Lemma ger0_ReE (z : C) : 0 <= z -> z = (Re z)%:C.
Proof. by rewrite lecE => /andP[/eqP Im0 _]; case: z Im0 => a b /= ->. Qed.

Lemma Re_gt0 (z : C) : 0 < z -> 0 < Re z.
Proof. by move=> z0; rewrite -ltcR -ger0_ReE ?ltW. Qed.

Section Normed.
Variable V : normedModType C.

Lemma normr_ReE (x : V) : `|x| = (Re `|x|)%:C.
Proof. exact/ger0_ReE/normr_ge0. Qed.

Lemma Re_normr_ge0 (x : V) : 0 <= Re `|x|.
Proof. by rewrite -lecR -normr_ReE normr_ge0. Qed.

Lemma Re_normrD (x y : V) : Re `|x + y| <= Re `|x| + Re `|y|.
Proof.
by have := ler_normD x y; rewrite (normr_ReE (x + y)) (normr_ReE x) (normr_ReE y) -rmorphD lecR.
Qed.

Lemma Re_normrZ (k : C) (x : V) : Re `|k *: x| = Re `|k| * Re `|x|.
Proof. by rewrite normrZ (ger0_ReE (normr_ge0 k)) [`|x|]normr_ReE -rmorphM. Qed.

Lemma Re_normr_sum (I : Type) (r : seq I) (P : pred I) (w : I -> V) :
  Re `|\sum_(i <- r | P i) w i| <= \sum_(i <- r | P i) Re `|w i|.
Proof.
apply: (big_ind2 (fun (x : V) (y : R) => Re `|x| <= y)) => //; first by rewrite normr0.
by move=> x1 y1 x2 y2 h1 h2; apply: le_trans (Re_normrD _ _) (lerD h1 h2).
Qed.

Lemma Re_normr_eq0 (x : V) : Re `|x| = 0 -> x = 0.
Proof. by move=> x0; apply/normr0_eq0; rewrite normr_ReE x0. Qed.

Lemma eq0_Re_normr_small (x : V) (K : R) : 0 <= K ->
  (forall e : R, 0 < e -> Re `|x| <= e * K) -> x = 0.
Proof.
move=> K0 small; apply/Re_normr_eq0/eqP; rewrite eq_le Re_normr_ge0 andbT.
apply/ler_addgt0Pr => e e0; rewrite add0r; have K1 : 0 < K + 1 by lra.
apply: le_trans (small _ (divr_gt0 e0 K1)) _.
by rewrite mulrAC ler_pdivrMr // ler_pM2l //; lra.
Qed.

End Normed.

Lemma normC_ReE (z : C) : `|z| = (Re `|z|)%:C.
Proof. exact: (@normr_ReE C^o). Qed.

Lemma Re_normC_ge0 (z : C) : 0 <= Re `|z|.
Proof. exact: (@Re_normr_ge0 C^o). Qed.

Lemma Re_normCD (z w : C) : Re `|z + w| <= Re `|z| + Re `|w|.
Proof. exact: (@Re_normrD C^o). Qed.

Lemma Re_normCM (z w : C) : Re `|z * w| = Re `|z| * Re `|w|.
Proof. exact: (@Re_normrZ C^o). Qed.

Lemma normC_real (t : R) : `|t%:C| = `|t|%:C.
Proof. by rewrite normc_def /= expr0n addr0 sqrtr_sqr. Qed.

Lemma normC_i : `|'i%C| = 1 :> C.
Proof. by rewrite normc_def /= expr0n expr1n add0r sqrtr1. Qed.

Lemma norm_Re_le (z : C) : `|Re z| <= Re `|z|.
Proof. by rewrite -lecR -normC_ReE normc_ge_Re. Qed.

Lemma norm_Im_le (z : C) : `|Im z| <= Re `|z|.
Proof. by have := norm_Re_le (z * 'i); rewrite ReiNIm normrN Re_normCM normC_i mulr1. Qed.

Lemma Re_normC_le_ReIm (z : C) : Re `|z| <= `|Re z| + `|Im z|.
Proof.
rewrite -lecR -normC_ReE rmorphD {1}[z]complexE (le_trans (ler_normD _ _)) //.
by rewrite normrM !normC_real normC_i mul1r.
Qed.

Lemma Re_bounded (V W : normedModType C) (f : V -> W) (M : C) :
  (forall u, `|f u| <= M * `|u|) ->
  exists2 M' : R, 0 <= M' & forall u, Re `|f u| <= M' * Re `|u|.
Proof.
move=> fM; exists (Re `|M|) => [|u]; first exact: Re_normC_ge0.
have : `|f u| <= `|M| * `|u|.
  by rewrite -(normr_id u) -normrM ger0_norm // (le_trans (normr_ge0 _) (fM u)).
by rewrite normr_ReE [`|M|]normC_ReE [`|u|]normr_ReE -rmorphM lecR.
Qed.

Lemma Re_bounded2 (U V W : normedModType C) (f : U -> V -> W) :
  (exists M : C, forall u v, `|f u v| <= M * `|u| * `|v|) ->
  exists2 M : R, 0 <= M & forall u v, Re `|f u v| <= M * Re `|u| * Re `|v|.
Proof.
case=> M fM; exists (Re `|M|) => [|u v]; first exact: Re_normC_ge0.
have : `|f u v| <= `|M| * `|u| * `|v|.
  rewrite -(normr_id u) -(normr_id v) -!normrM ger0_norm //.
  exact: le_trans (normr_ge0 _) (fM u v).
by rewrite normr_ReE [`|M|]normC_ReE [`|u|]normr_ReE [`|v|]normr_ReE -!rmorphM lecR.
Qed.

End ComplexNorm.

(** * The dual Banach space *)

Lemma cauchy_real_lim (R : realType) (T : Type) (F : set_system T)
    (FF : ProperFilter F) (u : T -> R) :
  (forall e, 0 < e -> exists2 S, F S & forall s t, S s -> S t -> `|u s - u t| < e) ->
  exists l : R, forall e, 0 < e -> exists2 S, F S & forall s, S s -> `|u s - l| < e.
Proof.
move=> uC; have : cauchy (u @ F).
  apply/cauchy_ballP => e e0; have [S FS uS] := uC e e0.
  have FuS : F (u @^-1` (u @` S)) by apply: filterS FS => s Ss; exists s.
  exists (u @` S, u @` S) => //.
  by move=> [_ _] /= [[s Ss <-] [t St <-]]; rewrite -ball_normE /ball_ /= uS.
move=> /R_complete/cvgrPdist_lt ul; exists (lim (u @ F)) => e /ul Fu.
by exists (u @^-1` [set y | `|lim (u @ F) - y| < e]) => // s /=; rewrite distrC.
Qed.

Section Dual.
Variable R : realType.
Local Notation C := R[i].
Local Notation Re := (@complex.Re R).
Variable X : normedModType C.

Record dual := Dual {
  dual_fun :> X -> C;
  dual_funD : forall x y, dual_fun (x + y) = dual_fun x + dual_fun y;
  dual_funZ : forall (k : C) x, dual_fun (k *: x) = k * dual_fun x;
  dual_bounded : exists2 M : R, 0 <= M & forall x, Re `|dual_fun x| <= M * Re `|x| }.

Lemma dual_ext (f g : dual) : f =1 g -> f = g.
Proof.
case: f g => f fD fZ fB [g gD gZ gB] /= /funext fg; subst g.
by rewrite (Prop_irrelevance fD gD) (Prop_irrelevance fZ gZ) (Prop_irrelevance fB gB).
Qed.

Lemma dual_fun0 (f : dual) : f 0 = 0.
Proof. by apply: (@addrI _ (f 0)); rewrite addr0 -dual_funD addr0. Qed.

Lemma dual_funN (f : dual) x : f (- x) = - f x.
Proof. by rewrite -scaleN1r dual_funZ mulN1r. Qed.

Lemma dual_funB (f : dual) x y : f (x - y) = f x - f y.
Proof. by rewrite dual_funD dual_funN. Qed.

Definition dual_zero : dual.
Proof.
exists (fun=> 0) => [x y|k x|]; rewrite ?addr0 ?mulr0 //.
by exists 0 => // x; rewrite normr0 mul0r.
Defined.

Definition dual_opp (f : dual) : dual.
Proof.
exists (fun x => - f x) => [x y|k x|]; first by rewrite dual_funD opprD.
  by rewrite dual_funZ mulrN.
by have [M M0 fM] := dual_bounded f; exists M => // x; rewrite normrN.
Defined.

Definition dual_add (f g : dual) : dual.
Proof.
exists (fun x => f x + g x) => [x y|k x|]; first by rewrite !dual_funD addrACA.
  by rewrite !dual_funZ mulrDr.
have [[M M0 fM] [N N0 gN]] := (dual_bounded f, dual_bounded g).
exists (M + N) => [|x]; first exact: addr_ge0.
by rewrite mulrDl (le_trans (Re_normCD _ _)) // lerD.
Defined.

Definition dual_scale (k : C) (f : dual) : dual.
Proof.
exists (fun x => k * f x) => [x y|c x|]; first by rewrite dual_funD mulrDr.
  by rewrite dual_funZ mulrCA.
have [M M0 fM] := dual_bounded f; exists (Re `|k| * M) => [|x].
  by rewrite mulr_ge0 ?Re_normC_ge0.
by rewrite Re_normCM -mulrA ler_wpM2l ?Re_normC_ge0.
Defined.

--------

--- Assignment ---
Nothing beyond the lines from the start of the entries through the line with "Proof. by move=> x0;" should appear. Repeat those lines exactly, both ends included.

--- Answer box ---
Lemma ger0_ReE (z : C) : 0 <= z -> z = (Re z)%:C.
Proof. by rewrite lecE => /andP[/eqP Im0 _]; case: z Im0 => a b /= ->. Qed.

Lemma Re_gt0 (z : C) : 0 < z -> 0 < Re z.
Proof. by move=> z0; rewrite -ltcR -ger0_ReE ?ltW. Qed.

Section Normed.
Variable V : normedModType C.

Lemma normr_ReE (x : V) : `|x| = (Re `|x|)%:C.
Proof. exact/ger0_ReE/normr_ge0. Qed.

Lemma Re_normr_ge0 (x : V) : 0 <= Re `|x|.
Proof. by rewrite -lecR -normr_ReE normr_ge0. Qed.

Lemma Re_normrD (x y : V) : Re `|x + y| <= Re `|x| + Re `|y|.
Proof.
by have := ler_normD x y; rewrite (normr_ReE (x + y)) (normr_ReE x) (normr_ReE y) -rmorphD lecR.
Qed.

Lemma Re_normrZ (k : C) (x : V) : Re `|k *: x| = Re `|k| * Re `|x|.
Proof. by rewrite normrZ (ger0_ReE (normr_ge0 k)) [`|x|]normr_ReE -rmorphM. Qed.

Lemma Re_normr_sum (I : Type) (r : seq I) (P : pred I) (w : I -> V) :
  Re `|\sum_(i <- r | P i) w i| <= \sum_(i <- r | P i) Re `|w i|.
Proof.
apply: (big_ind2 (fun (x : V) (y : R) => Re `|x| <= y)) => //; first by rewrite normr0.
by move=> x1 y1 x2 y2 h1 h2; apply: le_trans (Re_normrD _ _) (lerD h1 h2).
Qed.

Lemma Re_normr_eq0 (x : V) : Re `|x| = 0 -> x = 0.
Proof. by move=> x0; apply/normr0_eq0; rewrite normr_ReE x0. Qed.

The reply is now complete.